Another study showing the dangers and ineffectiveness of chemotherapy has just been published and it has gone viral. The study titled Neoadjuvant chemotherapy induces breast cancer metastasis through a TMEM-mediated mechanism was published in the journal Science Translational Medicine describing how chemotherapy could allow cancer to spread, and trigger more aggressive tumors. By studying the process of intravasation, or entry of cells into the vasculature, the study’s authors discovered that chemotherapy, in addition to targeting tumor cells, can also increase intravasation. The authors found that chemotherapy increased groups of cells known as tumor microenvironment of metastasis (TMEM) which collectively usher tumor cells into the body’s vasculature. The study discovered that several types of chemotherapy can increase the amounts of TMEM complexes and circulating tumor cells in the bloodstream. Why is this important? The chances of survival dramatically decrease once cancer begins to metastasize through the bloodstream and effect other organs and systems.
Is the recent study the only one painting chemotherapy as a dangerous treatment option? In 2016 a groundbreaking study was commissioned by Public Health England and published in the journal Lancet Oncology. The study represented the first time that national data has been gathered together and analyzed for 30-day mortality after chemotherapy. It found that a larger proportion of patients are actually dying after chemotherapy than in the clinical trials carried out by the drug companies. The death rate in the clinical trials of drug treatments for lung cancer was 0.8%, but in the present study the reality shows it is actually 3%.
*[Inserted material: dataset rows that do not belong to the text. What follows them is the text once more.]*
(* Fix $n\in\mathbb Z_{\ge2}$ and $k\in\mathbb Z_{\ge1}$, and let $\searrow_n=n(n-1)\cdots1$. Then $$\dim P^{\mathrm{Av}(\searrow_n)}_k=|\mathrm{Av}_k(\searrow_n)|-|\mathrm{Av}_{k-1}(\searrow_n)|.$$
   Context: $\mathcal S_m$ is the set of permutations of $[m]$. For $I=\{i_1<\dots<i_m\}$, $\mathrm{pat}_I(\sigma)$ is the unique permutation with entries in the same relative order as $\sigma(i_1),\dots,\sigma(i_m)$. $\sigma$ avoids $\pi$ if no $I$ has $\mathrm{pat}_I(\sigma)=\pi$; $\mathrm{Av}_m(\searrow_n)$ is the set of size-$m$ permutations avoiding $\searrow_n$, with $\mathrm{Av}_0(\searrow_n)$ consisting of the empty permutation, and $\mathrm{Av}(\searrow_n)=\bigcup_{m\ge1}\mathrm{Av}_m(\searrow_n)$. For $\pi\in\mathcal S_k,\sigma\in\mathcal S_m$, $\widetilde{\mathrm{c\text{-}occ}}(\pi,\sigma)$ is $1/m$ times the number of intervals $I=\{i,\dots,i+k-1\}$ with $\mathrm{pat}_I(\sigma)=\pi$. $P^{\mathrm{Av}(\searrow_n)}_k$ is the set of $\vec v\in[0,1]^{\mathcal S_k}$ for which there is a sequence $(\sigma^m)$ in $\mathrm{Av}(\searrow_n)$ with $|\sigma^m|\to\infty$ and $\widetilde{\mathrm{c\text{-}occ}}(\pi,\sigma^m)\to\vec v_\pi$ for all $\pi\in\mathcal S_k$. This set is convex; its dimension is the dimension of its affine hull. *)

From HB Require Import structures.
From mathcomp Require Import all_boot all_order all_algebra all_fingroup.
From mathcomp Require Import reals.
Set Implicit Arguments. Unset Strict Implicit. Unset Printing Implicit Defensive.
Import Order.TTheory GRing.Theory Num.Theory.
What happens when the extended survival rate of chemotherapy as a cancer treatment is studied beyond 30 days? An Australian study published in the journal Clinical Oncology found the contribution of cytotoxic chemotherapy to 5-year survival in adult malignancies in adults was estimated to be 2.3% in Australia and 2.1% in the US. In fact, the study concluded by stating:
“To justify the continued funding and availability of drugs used in cytotoxic chemotherapy, a rigorous evaluation of the cost-effectiveness and impact on quality of life is urgently required.”